(* Let $G$ be a finite group and $\Gamma$ a finite digraph with at least one arc such that $G\leq\mathrm{Aut}(\Gamma)$ acts primitively on the vertex set and transitively on the set of $s$-arcs of $\Gamma$ for some $s\geq 2$. Let $v$ be a vertex of $\Gamma$ and $G_v$ its stabiliser. Then for every prime $p$ dividing $|G_v|$, the group $G_v$ has at least two distinct subgroups of order $p$.
   Context: A digraph $\Gamma=(V,\to)$ consists of a finite vertex set $V$ and an anti-symmetric, irreflexive relation $\to$ on $V$. For $s\geq 0$, an $s$-arc is a sequence $v_0,\dots,v_s$ with $v_i\to v_{i+1}$ for $0\leq i<s$. $G$ is said to act transitively on $s$-arcs ($(G,s)$-arc-transitive) if it is transitive on the set of all $s$-arcs. *)

From mathcomp Require Import all_boot all_fingroup all_solvable.
Set Implicit Arguments. Unset Strict Implicit. Unset Printing Implicit Defensive.
Local Open Scope group_scope.

Definition digraph (V : finType) (e : rel V) : Prop :=
  irreflexive e /\ (forall x y, e x y -> ~~ e y x).

Definition sarc (V : finType) (e : rel V) (s : nat) (w : seq V) : bool :=
  (size w == s.+1) && (if w is x :: w' then path e x w' else false).

Definition is_aut_group (V : finType) (e : rel V) (G : {set {perm V}}) : Prop :=
  forall g, g \in G -> forall x y, e (g x) (g y) = e x y.

Definition sarc_transitive (V : finType) (e : rel V) (G : {set {perm V}}) (s : nat) : Prop :=
  forall a b : seq V, sarc e s a -> sarc e s b ->
    exists2 g, g \in G & map g a = b.

From mathcomp Require Import all_boot all_fingroup all_solvable.
Local Open Scope group_scope.

(* Suppose, for a contradiction, that the vertex stabiliser G_v
   has exactly one subgroup P of order p.  Since G is vertex-transitive, every
   stabiliser G_m is conjugate to G_v and so also has a unique subgroup of
   order p.  Take a 2-arc a -> m -> c.  Transitivity on 2-arcs shows that the
   arc stabiliser G_am is transitive on the out-neighbours of m, whence
   G_m = G_mc G_am; transitivity on arcs makes G_am and G_mc conjugate.  So
   |G_m| divides |G_am|^2, hence p divides |G_am| and |G_mc|, and the unique
   subgroup of order p of G_m lies in both: it fixes every in- and
   out-neighbour of m.  Propagating along the underlying undirected graph,
   which is connected because G is primitive, P fixes every vertex, so P = 1,
   contradicting |P| = p.
   The file first shows that s-arc-transitivity implies t-arc-transitivity
   for t <= s, then the connectivity of primitive digraphs, then the local
   argument at a 2-arc, and finally assembles the corollary. *)

Definition at_most_one_subgroup {gT : finGroupType} (A : {set gT}) (p : nat) :=
  forall H K : {group gT}, H \subset A -> K \subset A -> #|H| = p -> #|K| = p ->
    H :=: K.

Lemma at_most_one_subgroupJ (gT : finGroupType) (A : {set gT}) p g :
  at_most_one_subgroup A p -> at_most_one_subgroup (A :^ g) p.
Proof.
move=> uniqA H K sHA sKA oH oK; apply: (@conjsg_inj _ g^-1).
by apply: uniqA; rewrite ?cardJg // sub_conjg invgK.
Qed.

Section SArcs.
Context {V : finType} {e : rel V}.

Lemma size_sarc {s a} : sarc e s a -> size a = s.+1.
Proof. by case/andP=> /eqP. Qed.

Hypothesis out_nbr : forall x, exists y, e x y.

Lemma walk_from k x : exists w, size w = k /\ path e x w.
Proof.
elim: k x => [|k IHk] x; first by exists [::].
have [y exy] := out_nbr x; have [w [sw pw]] := IHk y.
by exists (y :: w); rewrite /= exy sw.
Qed.

Lemma sarc_prolong {t s a} : t <= s -> sarc e t a -> exists w, sarc e s (a ++ w).
Proof.
case: a => [|x a] le_ts; first by [].
case/andP=> /eqP [sz] pa; have [w [sw pw]] := walk_from (s - t) (last x a).
by exists w; rewrite /sarc /= size_cat sw sz subnKC // eqxx cat_path pa pw.
Qed.

Lemma sarc_transitive_le {G : {set {perm V}}} {t s} :
  t <= s -> sarc_transitive e G s -> sarc_transitive e G t.
Proof.
move=> le_ts st a b ta tb.
have [wa sa] := sarc_prolong le_ts ta; have [wb sb] := sarc_prolong le_ts tb.
have [g Gg] := st _ _ sa sb; rewrite map_cat => /eqP.
rewrite eqseq_cat; last by rewrite size_map (size_sarc ta) (size_sarc tb).
by case/andP=> /eqP gab _; exists g.
Qed.

End SArcs.

Definition adjacent {V : finType} (e : rel V) : rel V := [rel x y | e x y || e y x].

Section VertexTransitive.
Context {V : finType} {e : rel V} {G : {group {perm V}}}.

Lemma stabE x g : (g \in 'C_G[x | 'P]) = (g \in G) && (g x == x).
Proof. by rewrite !inE sub1set inE. Qed.

Lemma stabJ x g : g \in G -> 'C_G[x | 'P] :^ g = 'C_G[g x | 'P].
Proof. by move=> Gg; rewrite conjIg conjGid // -astab1_act. Qed.

Lemma fix_all_trivial {P : {group {perm V}}} :
  (forall y, P \subset 'C_G[y | 'P]) -> P :=: 1.
Proof.
move=> fixP; apply/trivgP/subsetP=> g Pg; rewrite inE; apply/eqP/permP=> y.
by have /subsetP/(_ g Pg) := fixP y; rewrite stabE perm1 => /andP[_ /eqP].
Qed.

Hypothesis aut : is_aut_group e G.
Hypothesis vtr : [transitive G, on [set: V] | 'P].

Lemma neighbours : (exists x y, e x y) ->
  forall z, (exists y, e z y) /\ (exists y, e y z).
Proof.
move=> [x [y exy]] z; split.
  have [g Gg ->] := atransP2 vtr (in_setT x) (in_setT z).
  by exists (g y); rewrite /= aut.
have [g Gg ->] := atransP2 vtr (in_setT y) (in_setT z).
by exists (g x); rewrite /= aut.
Qed.

Lemma connect_adjacent_sym : connect_sym (adjacent e).
Proof. by apply: sym_connect_sym => x y; rewrite /adjacent /= orbC. Qed.

Lemma connect_aut g x y : g \in G ->
  connect (adjacent e) (g x) (g y) = connect (adjacent e) x y.
Proof.
have img h u w : h \in G -> connect (adjacent e) u w ->
    connect (adjacent e) (h u) (h w).
  move=> Gh cuw; pose C := [pred z | connect (adjacent e) (h u) (h z)].
  have closedC : closed (adjacent e) C.
    apply: (intro_closed connect_adjacent_sym) => z z' adj Cz.
    by apply: connect_trans Cz (connect1 _); rewrite /adjacent /= !aut.
  by have := closed_connect closedC cuw; rewrite !inE /= connect0 => <-.
move=> Gg; apply/idP/idP; last exact: img.
by move/(img _ _ _ (groupVr Gg)); rewrite !permK.
Qed.

(* A primitive group of automorphisms of a digraph with an arc forces the
   underlying graph to be connected: the setwise stabiliser of the component
   of v contains G_v, and cannot equal G_v since it moves v to a neighbour. *)
Lemma primitive_connected : irreflexive e -> (exists x y, e x y) ->
  [primitive G, on [set: V] | 'P] -> forall x y, connect (adjacent e) x y.
Proof.
move=> irr arc prim v.
pose C := [set y | connect (adjacent e) v y].
have stabC g : g \in G -> connect (adjacent e) v (g v) -> g \in 'N_G(C | 'P).
  move=> Gg cvg; rewrite inE Gg; apply/astabsP=> x; rewrite !inE /= apermE.
  by rewrite -(connect_aut g v x Gg) (same_connect connect_adjacent_sym cvg).
have sGvN : 'C_G[v | 'P] \subset 'N_G(C | 'P).
  by apply/subsetP=> g; rewrite stabE => /andP[Gg /eqP gv]; rewrite stabC ?gv.
move: prim; rewrite (trans_prim_astab (in_setT v) vtr) => /maximal_eqP[_ max].
have [NGv | NG] := max _ sGvN (subsetIl _ _).
  have [[w evw] _] := neighbours arc v.
  have [g Gg wE] := atransP2 vtr (in_setT v) (in_setT w).
  have gvw : g v = w by rewrite wE.
  have /stabC : connect (adjacent e) v (g v).
    by rewrite connect1 // /adjacent /= gvw evw.
  by rewrite NGv stabE Gg gvw => /(_ isT) /eqP wv; rewrite wv irr in evw.
move=> y; have [g Gg ->] := atransP2 vtr (in_setT v) (in_setT y).
have : g \in 'N_G(C | 'P) by rewrite NG.
by rewrite inE => /andP[_ /astabsP/(_ v)]; rewrite !inE connect0.
Qed.

(* Vertex stabilisers are all conjugate, so the uniqueness of a subgroup of
   order p transfers from one stabiliser to all of them. *)
Lemma at_most_one_subgroup_everywhere {v p} :
  at_most_one_subgroup 'C_G[v | 'P] p -> forall m, at_most_one_subgroup 'C_G[m | 'P] p.
Proof.
move=> uniqv m; have [g Gg ->] := atransP2 vtr (in_setT v) (in_setT m).
by rewrite -[_ _ g]/(g v) -stabJ //; apply: at_most_one_subgroupJ.
Qed.

Section TwoArcTransitive.
Hypothesis out_nbr : forall x, exists y, e x y.
Hypothesis st2 : sarc_transitive e G 2.

Lemma arc_transitive : sarc_transitive e G 1.
Proof. exact: (sarc_transitive_le out_nbr (_ : 1 <= 2) st2). Qed.

(* Consecutive arcs have conjugate, hence equally large, stabilisers. *)
Lemma arc_stab_card {a m c} : e a m -> e m c ->
  #|'C_G[a | 'P] :&: 'C_G[m | 'P]| = #|'C_G[m | 'P] :&: 'C_G[c | 'P]|.
Proof.
move=> eam emc; have [||g Gg [ga gm]] := @arc_transitive [:: a; m] [:: m; c].
- by rewrite /sarc /= eam.
- by rewrite /sarc /= emc.
by rewrite -(cardJg _ g) conjIg !stabJ // ga gm.
Qed.

(* G_am is transitive on the out-neighbours of m, so G_m = G_mc G_am. *)
Lemma stab_factor {a m c} : e a m -> e m c ->
  'C_G[m | 'P] = ('C_G[m | 'P] :&: 'C_G[c | 'P]) * ('C_G[a | 'P] :&: 'C_G[m | 'P]).
Proof.
move=> eam emc; apply/eqP; rewrite eqEsubset andbC mul_subG ?subsetIl ?subsetIr //=.
apply/subsetP=> x; rewrite stabE => /andP[Gx /eqP xm].
have emxc : e m (x c) by rewrite -{1}xm aut.
have [||g Gg [ga gm gc]] := st2 [:: a; m; c] [:: a; m; x c].
- by rewrite /sarc /= eam emc.
- by rewrite /sarc /= eam emxc.
apply/mulsgP; exists (x * g^-1) g; last by rewrite mulgKV.
  by rewrite inE !stabE groupM ?groupV //= !permM xm -{1}gm -gc !permK !eqxx.
by rewrite inE !stabE Gg ga gm !eqxx.
Qed.

Lemma prime_dvd_arc_stab {p a m c} : prime p -> e a m -> e m c ->
  p %| #|'C_G[m | 'P]| ->
  p %| #|'C_G[a | 'P] :&: 'C_G[m | 'P]| /\ p %| #|'C_G[m | 'P] :&: 'C_G[c | 'P]|.
Proof.
move=> pp eam emc pGm; rewrite -(arc_stab_card eam emc).
suff pA : p %| #|'C_G[a | 'P] :&: 'C_G[m | 'P]| by split.
suff : p %| #|'C_G[a | 'P] :&: 'C_G[m | 'P]| ^ 2 by rewrite Euclid_dvdX // andbT.
rewrite expnS expn1 {1}(arc_stab_card eam emc).
by rewrite (mul_cardG ('C_G[m | 'P] :&: _)%G) -stab_factor // dvdn_mulr.
Qed.

(* The local step: the unique subgroup of order p of G_m fixes both ends of
   any 2-arc through m, since both arc stabilisers contain such a subgroup. *)
Lemma unique_subgroup_fixes_ends {p} {P : {group {perm V}}} {a m c} :
  prime p -> at_most_one_subgroup 'C_G[m | 'P] p ->
  P \subset 'C_G[m | 'P] -> #|P| = p -> e a m -> e m c ->
  P \subset 'C_G[a | 'P] /\ P \subset 'C_G[c | 'P].
Proof.
move=> pp uniq sPGm oP eam emc.
have pGm : p %| #|'C_G[m | 'P]| by rewrite -oP cardSg.
have [pA pB] := prime_dvd_arc_stab pp eam emc pGm.
have [x Ax ox] := Cauchy pp pA; have [y By oy] := Cauchy pp pB.
case/setIP: Ax => xa xm; case/setIP: By => ym yc.
by split; [rewrite (uniq P <[x]>%G) | rewrite (uniq P <[y]>%G)]; rewrite ?cycle_subG.
Qed.

(* Assembling: a subgroup of order p of G_v cannot be the only one, for it
   would then fix every vertex reachable from v, i.e. every vertex. *)
Lemma not_unique_subgroup {p v} {P : {group {perm V}}} :
  irreflexive e -> (exists x y, e x y) -> [primitive G, on [set: V] | 'P] ->
  prime p -> P \subset 'C_G[v | 'P] -> #|P| = p ->
  ~ at_most_one_subgroup 'C_G[v | 'P] p.
Proof.
move=> irr arc prim pp sPGv oP uniqv.
have uniq := at_most_one_subgroup_everywhere uniqv.
pose F := [pred y | P \subset 'C_G[y | 'P]].
have closedF : closed (adjacent e) F.
  apply: (intro_closed connect_adjacent_sym) => x y /orP[exy | eyx] Fx.
    have [_ [u eux]] := neighbours arc x.
    by have [] := unique_subgroup_fixes_ends pp (uniq x) Fx oP eux exy.
  have [[c exc] _] := neighbours arc x.
  by have [] := unique_subgroup_fixes_ends pp (uniq x) Fx oP eyx exc.
have fixP y : P \subset 'C_G[y | 'P].
  have := closed_connect closedF (primitive_connected irr arc prim v y).
  by rewrite !inE sPGv => <-.
by move: oP; rewrite (fix_all_trivial fixP) cards1 => p1; rewrite -p1 in pp.
Qed.

End TwoArcTransitive.
End VertexTransitive.

Theorem corollary2p8 (V : finType) (e : rel V) (G : {group {perm V}}) (s : nat) :
  digraph e ->
  (exists x y, e x y) ->
  is_aut_group e G ->
  [primitive G, on [set: V] | 'P] ->
  2 <= s ->
  sarc_transitive e G s ->
  forall (v : V) (p : nat), prime p -> p %| #|'C_G[v | 'P]| ->
  exists H K : {group {perm V}},
    [/\ H \subset 'C_G[v | 'P], K \subset 'C_G[v | 'P],
        #|H| = p, #|K| = p & H :!=: K].
Proof.
move=> [irr _] arc aut prim s2 st v p pp pGv.
have vtr : [transitive G, on [set: V] | 'P] by case/andP: prim.
have out_nbr x := (neighbours aut vtr arc x).1.
have st2 := sarc_transitive_le out_nbr s2 st.
have [x Gv_x ox] := Cauchy pp pGv.
have sXGv : <[x]> \subset 'C_G[v | 'P] by rewrite cycle_subG.
case: (boolP [exists K : {group {perm V}},
                [&& K \subset 'C_G[v | 'P], #|K| == p & K :!=: <[x]>]]).
  case/existsP=> K /and3P[sKGv /eqP oK neK].
  by exists <[x]>%G, K; split; rewrite // eq_sym.
move/existsPn=> noK; exfalso.
have onlyX (H : {group {perm V}}) :
    H \subset 'C_G[v | 'P] -> #|H| = p -> H :=: <[x]>.
  by move=> sHGv oH; apply/eqP; move: (noK H); rewrite sHGv oH eqxx negbK.
apply: (not_unique_subgroup aut vtr out_nbr st2 irr arc prim pp sXGv ox).
by move=> H K sH sK oH oK; rewrite (onlyX H) // (onlyX K).
Qed.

※ ※ ※

* EXERCISE GOAL
Given the data above, transcribe exactly the lines from the one containing "underlying graph to" down to the one containing "have sGvN : 'C_G[v", and no others.

* RESPONSE TO THE TASK
   underlying graph to be connected: the setwise stabiliser of the component
   of v contains G_v, and cannot equal G_v since it moves v to a neighbour. *)
Lemma primitive_connected : irreflexive e -> (exists x y, e x y) ->
  [primitive G, on [set: V] | 'P] -> forall x y, connect (adjacent e) x y.
Proof.
move=> irr arc prim v.
pose C := [set y | connect (adjacent e) v y].
have stabC g : g \in G -> connect (adjacent e) v (g v) -> g \in 'N_G(C | 'P).
  move=> Gg cvg; rewrite inE Gg; apply/astabsP=> x; rewrite !inE /= apermE.
  by rewrite -(connect_aut g v x Gg) (same_connect connect_adjacent_sym cvg).
have sGvN : 'C_G[v | 'P] \subset 'N_G(C | 'P).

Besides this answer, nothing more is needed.